↓↓↓

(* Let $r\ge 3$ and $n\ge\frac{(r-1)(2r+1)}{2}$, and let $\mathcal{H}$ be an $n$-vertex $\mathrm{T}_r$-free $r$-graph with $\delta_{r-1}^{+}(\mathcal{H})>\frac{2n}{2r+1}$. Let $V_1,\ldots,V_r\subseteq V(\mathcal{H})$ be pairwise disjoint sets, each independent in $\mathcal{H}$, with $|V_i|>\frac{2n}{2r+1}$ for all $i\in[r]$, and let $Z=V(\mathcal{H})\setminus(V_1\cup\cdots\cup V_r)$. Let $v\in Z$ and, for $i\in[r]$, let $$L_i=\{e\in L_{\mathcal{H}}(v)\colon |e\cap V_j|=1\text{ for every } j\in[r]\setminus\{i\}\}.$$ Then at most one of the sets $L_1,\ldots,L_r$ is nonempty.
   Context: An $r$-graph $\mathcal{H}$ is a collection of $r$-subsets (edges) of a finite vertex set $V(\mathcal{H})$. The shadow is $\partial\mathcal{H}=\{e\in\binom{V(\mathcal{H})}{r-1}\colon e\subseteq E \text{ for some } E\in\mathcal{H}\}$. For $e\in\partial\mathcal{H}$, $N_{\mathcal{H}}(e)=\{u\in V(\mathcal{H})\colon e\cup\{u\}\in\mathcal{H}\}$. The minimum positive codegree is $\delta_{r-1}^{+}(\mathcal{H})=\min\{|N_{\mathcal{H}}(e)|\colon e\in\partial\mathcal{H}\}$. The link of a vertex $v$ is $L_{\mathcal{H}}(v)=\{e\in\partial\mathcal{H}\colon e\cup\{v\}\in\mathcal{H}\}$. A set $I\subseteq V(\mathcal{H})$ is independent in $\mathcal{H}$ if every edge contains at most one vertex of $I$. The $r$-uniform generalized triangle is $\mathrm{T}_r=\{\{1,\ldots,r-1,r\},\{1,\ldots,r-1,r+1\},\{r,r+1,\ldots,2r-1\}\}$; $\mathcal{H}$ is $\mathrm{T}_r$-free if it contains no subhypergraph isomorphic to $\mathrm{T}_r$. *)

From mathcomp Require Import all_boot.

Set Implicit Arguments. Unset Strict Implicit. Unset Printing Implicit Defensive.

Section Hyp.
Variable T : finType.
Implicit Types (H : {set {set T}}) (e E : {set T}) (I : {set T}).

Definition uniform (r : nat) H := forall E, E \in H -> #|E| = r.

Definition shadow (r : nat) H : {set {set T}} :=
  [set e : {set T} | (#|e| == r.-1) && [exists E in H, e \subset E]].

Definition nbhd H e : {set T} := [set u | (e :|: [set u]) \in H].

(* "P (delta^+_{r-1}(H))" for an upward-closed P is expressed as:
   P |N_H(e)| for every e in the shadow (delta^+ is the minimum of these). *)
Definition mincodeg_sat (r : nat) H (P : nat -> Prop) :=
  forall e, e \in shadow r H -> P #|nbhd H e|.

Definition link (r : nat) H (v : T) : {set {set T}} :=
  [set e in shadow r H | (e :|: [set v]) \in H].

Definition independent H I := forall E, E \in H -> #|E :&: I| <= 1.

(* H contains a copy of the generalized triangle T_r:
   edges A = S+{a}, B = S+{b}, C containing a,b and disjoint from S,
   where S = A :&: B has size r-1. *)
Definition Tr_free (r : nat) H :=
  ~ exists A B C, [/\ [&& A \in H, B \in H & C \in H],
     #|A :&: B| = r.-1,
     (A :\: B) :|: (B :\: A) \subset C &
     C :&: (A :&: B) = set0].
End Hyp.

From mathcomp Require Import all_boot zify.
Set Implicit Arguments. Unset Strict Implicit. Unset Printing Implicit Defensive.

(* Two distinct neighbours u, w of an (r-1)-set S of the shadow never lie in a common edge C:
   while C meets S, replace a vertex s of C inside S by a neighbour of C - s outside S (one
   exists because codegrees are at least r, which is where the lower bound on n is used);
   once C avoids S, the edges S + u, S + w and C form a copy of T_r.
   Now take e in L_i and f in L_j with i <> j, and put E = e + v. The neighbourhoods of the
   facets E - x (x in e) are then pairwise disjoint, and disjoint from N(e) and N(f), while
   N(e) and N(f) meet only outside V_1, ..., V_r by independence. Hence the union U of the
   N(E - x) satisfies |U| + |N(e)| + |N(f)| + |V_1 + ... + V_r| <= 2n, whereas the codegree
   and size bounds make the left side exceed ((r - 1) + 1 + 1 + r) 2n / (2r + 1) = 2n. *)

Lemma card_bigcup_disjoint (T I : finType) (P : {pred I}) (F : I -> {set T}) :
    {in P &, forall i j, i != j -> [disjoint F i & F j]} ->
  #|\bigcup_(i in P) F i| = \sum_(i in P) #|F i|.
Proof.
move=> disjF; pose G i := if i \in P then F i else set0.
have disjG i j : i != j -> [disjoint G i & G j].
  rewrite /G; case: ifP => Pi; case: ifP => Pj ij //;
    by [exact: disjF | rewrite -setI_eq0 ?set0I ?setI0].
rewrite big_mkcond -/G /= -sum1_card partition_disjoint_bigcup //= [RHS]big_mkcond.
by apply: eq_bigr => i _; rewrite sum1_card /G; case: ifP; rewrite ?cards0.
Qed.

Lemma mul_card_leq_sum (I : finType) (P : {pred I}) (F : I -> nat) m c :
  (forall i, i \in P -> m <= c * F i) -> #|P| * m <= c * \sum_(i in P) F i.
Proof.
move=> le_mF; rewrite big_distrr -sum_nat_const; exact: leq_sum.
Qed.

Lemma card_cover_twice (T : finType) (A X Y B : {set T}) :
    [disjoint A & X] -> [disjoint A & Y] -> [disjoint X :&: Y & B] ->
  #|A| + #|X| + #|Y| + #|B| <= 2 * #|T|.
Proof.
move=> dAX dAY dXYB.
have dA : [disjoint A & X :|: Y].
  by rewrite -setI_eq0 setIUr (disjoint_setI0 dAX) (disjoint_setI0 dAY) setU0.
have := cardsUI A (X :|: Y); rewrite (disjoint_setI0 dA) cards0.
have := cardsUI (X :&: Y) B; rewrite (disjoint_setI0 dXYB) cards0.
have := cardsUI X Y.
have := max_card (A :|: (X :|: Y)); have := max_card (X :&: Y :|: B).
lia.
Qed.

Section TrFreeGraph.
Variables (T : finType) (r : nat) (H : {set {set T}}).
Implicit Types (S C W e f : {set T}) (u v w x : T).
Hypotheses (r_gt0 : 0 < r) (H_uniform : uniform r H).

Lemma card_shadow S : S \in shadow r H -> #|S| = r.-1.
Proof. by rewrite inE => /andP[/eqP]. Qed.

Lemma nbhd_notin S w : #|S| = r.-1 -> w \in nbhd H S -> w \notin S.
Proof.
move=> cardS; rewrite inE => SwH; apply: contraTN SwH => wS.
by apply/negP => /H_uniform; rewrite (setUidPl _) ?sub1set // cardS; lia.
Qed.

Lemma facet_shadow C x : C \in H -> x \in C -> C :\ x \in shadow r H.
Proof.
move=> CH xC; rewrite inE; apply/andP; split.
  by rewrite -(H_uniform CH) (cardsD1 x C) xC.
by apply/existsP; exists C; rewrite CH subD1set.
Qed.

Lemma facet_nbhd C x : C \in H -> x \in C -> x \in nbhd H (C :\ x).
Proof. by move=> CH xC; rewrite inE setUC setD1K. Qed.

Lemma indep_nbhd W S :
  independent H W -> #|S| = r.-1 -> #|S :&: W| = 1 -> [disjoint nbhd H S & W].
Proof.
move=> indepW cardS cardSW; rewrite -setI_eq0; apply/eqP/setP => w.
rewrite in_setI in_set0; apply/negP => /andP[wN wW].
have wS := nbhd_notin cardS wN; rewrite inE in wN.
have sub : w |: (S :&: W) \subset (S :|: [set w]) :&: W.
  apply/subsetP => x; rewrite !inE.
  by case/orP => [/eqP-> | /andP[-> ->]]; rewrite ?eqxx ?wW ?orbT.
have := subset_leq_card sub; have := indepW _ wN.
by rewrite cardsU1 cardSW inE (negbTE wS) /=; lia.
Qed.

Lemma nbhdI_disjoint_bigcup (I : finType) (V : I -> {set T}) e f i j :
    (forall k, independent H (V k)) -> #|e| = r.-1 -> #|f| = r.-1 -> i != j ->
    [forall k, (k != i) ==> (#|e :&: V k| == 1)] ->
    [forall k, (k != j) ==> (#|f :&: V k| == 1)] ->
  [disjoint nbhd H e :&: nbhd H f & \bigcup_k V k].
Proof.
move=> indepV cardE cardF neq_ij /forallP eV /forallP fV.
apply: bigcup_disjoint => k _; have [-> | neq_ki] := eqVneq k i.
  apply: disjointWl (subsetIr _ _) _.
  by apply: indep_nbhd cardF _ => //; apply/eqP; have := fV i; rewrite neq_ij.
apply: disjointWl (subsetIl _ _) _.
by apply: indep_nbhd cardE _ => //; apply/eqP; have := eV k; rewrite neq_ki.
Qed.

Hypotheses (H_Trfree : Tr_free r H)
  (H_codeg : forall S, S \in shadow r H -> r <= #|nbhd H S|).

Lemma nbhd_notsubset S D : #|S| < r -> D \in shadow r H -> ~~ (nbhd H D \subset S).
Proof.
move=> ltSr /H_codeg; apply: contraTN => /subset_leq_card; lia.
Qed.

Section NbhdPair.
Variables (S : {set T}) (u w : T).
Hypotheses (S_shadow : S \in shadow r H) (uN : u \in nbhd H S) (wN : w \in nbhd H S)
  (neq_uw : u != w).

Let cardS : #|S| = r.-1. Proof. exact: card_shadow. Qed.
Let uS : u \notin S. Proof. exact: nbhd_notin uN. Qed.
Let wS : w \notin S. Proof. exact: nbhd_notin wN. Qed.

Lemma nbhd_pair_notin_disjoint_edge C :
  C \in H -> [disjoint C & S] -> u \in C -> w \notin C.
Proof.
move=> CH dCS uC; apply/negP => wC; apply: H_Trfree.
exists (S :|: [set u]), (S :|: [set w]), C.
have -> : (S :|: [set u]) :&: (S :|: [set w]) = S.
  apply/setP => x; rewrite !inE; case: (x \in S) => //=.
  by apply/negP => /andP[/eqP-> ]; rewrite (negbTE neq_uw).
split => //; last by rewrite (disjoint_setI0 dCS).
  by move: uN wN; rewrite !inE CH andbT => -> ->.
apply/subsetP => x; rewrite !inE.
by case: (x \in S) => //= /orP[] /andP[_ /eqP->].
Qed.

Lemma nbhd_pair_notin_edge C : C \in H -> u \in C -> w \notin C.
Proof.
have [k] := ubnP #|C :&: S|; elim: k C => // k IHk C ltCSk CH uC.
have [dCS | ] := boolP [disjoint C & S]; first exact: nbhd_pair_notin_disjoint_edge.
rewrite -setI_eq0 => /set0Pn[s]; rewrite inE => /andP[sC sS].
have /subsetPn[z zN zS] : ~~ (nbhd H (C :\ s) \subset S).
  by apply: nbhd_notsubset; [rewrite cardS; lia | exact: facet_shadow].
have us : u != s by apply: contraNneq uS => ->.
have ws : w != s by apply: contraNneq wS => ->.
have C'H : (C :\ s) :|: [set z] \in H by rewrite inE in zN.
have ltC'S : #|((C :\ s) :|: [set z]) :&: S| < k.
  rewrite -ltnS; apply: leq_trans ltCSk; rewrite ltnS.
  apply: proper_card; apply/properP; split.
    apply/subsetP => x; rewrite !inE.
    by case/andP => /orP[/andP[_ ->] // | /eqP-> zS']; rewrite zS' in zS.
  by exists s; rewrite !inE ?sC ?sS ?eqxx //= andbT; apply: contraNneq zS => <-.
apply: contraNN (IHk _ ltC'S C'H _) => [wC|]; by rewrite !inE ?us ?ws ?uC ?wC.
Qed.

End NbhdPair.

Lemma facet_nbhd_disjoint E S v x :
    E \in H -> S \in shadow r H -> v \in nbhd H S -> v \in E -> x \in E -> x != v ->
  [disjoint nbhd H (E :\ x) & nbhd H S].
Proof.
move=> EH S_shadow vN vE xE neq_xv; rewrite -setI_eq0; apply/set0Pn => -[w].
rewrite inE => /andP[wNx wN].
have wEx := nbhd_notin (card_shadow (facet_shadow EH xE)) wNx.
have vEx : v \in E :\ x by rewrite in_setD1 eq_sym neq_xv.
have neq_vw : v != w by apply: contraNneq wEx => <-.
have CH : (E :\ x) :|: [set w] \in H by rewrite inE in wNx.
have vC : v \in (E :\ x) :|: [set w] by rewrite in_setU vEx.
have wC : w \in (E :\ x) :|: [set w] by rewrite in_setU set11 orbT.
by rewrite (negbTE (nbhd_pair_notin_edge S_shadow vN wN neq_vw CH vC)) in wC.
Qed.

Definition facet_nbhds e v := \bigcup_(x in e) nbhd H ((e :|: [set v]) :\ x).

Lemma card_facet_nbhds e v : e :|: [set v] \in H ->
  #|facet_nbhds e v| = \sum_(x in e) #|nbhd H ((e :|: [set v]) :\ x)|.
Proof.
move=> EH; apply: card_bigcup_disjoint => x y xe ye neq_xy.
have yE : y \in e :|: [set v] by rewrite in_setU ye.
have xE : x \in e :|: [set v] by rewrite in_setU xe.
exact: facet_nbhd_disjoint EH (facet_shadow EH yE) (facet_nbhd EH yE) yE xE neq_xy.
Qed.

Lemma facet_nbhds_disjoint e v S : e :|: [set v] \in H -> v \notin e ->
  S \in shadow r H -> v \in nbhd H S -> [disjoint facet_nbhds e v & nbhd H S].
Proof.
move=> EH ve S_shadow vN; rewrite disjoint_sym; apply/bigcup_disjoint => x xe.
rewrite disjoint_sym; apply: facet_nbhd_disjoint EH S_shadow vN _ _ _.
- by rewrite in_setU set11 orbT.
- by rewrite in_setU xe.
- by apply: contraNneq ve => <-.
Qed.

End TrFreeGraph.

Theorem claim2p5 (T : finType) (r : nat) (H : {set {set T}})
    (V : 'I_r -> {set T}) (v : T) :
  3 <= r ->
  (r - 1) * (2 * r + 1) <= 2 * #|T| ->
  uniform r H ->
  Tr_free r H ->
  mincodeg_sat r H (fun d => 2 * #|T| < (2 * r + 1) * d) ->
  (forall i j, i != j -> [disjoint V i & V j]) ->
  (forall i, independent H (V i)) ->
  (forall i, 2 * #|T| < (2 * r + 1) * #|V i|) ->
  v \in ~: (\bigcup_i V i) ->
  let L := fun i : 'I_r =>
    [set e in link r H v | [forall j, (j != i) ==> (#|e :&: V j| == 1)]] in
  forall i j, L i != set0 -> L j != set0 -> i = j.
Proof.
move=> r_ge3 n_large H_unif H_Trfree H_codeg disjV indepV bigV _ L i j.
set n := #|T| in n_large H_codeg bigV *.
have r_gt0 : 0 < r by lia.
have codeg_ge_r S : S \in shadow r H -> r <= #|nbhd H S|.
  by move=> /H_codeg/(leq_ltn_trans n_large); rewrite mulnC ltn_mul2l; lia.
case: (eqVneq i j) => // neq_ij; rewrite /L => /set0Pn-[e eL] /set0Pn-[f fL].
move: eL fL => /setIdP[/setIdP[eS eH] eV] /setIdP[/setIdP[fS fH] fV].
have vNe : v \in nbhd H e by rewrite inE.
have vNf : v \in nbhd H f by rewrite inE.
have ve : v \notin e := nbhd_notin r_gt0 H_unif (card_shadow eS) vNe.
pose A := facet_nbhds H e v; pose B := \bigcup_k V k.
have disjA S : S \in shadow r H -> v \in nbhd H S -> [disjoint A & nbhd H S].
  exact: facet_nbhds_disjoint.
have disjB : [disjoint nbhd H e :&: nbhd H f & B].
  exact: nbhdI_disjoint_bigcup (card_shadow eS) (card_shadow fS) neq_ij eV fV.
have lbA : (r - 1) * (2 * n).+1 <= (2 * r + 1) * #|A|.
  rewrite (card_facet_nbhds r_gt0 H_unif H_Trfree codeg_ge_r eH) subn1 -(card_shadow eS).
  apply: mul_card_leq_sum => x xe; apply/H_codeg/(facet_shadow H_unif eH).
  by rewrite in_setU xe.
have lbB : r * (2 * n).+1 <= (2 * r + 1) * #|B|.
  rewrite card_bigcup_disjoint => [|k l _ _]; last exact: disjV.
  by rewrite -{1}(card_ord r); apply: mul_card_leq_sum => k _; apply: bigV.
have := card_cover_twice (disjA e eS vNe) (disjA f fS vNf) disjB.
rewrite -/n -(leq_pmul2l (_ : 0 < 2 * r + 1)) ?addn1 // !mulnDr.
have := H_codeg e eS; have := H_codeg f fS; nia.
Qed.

↑↑↑

### Your task
Lines holding the word "finType" in the records above: how many are there? Answer with the number only.

### Answer below
7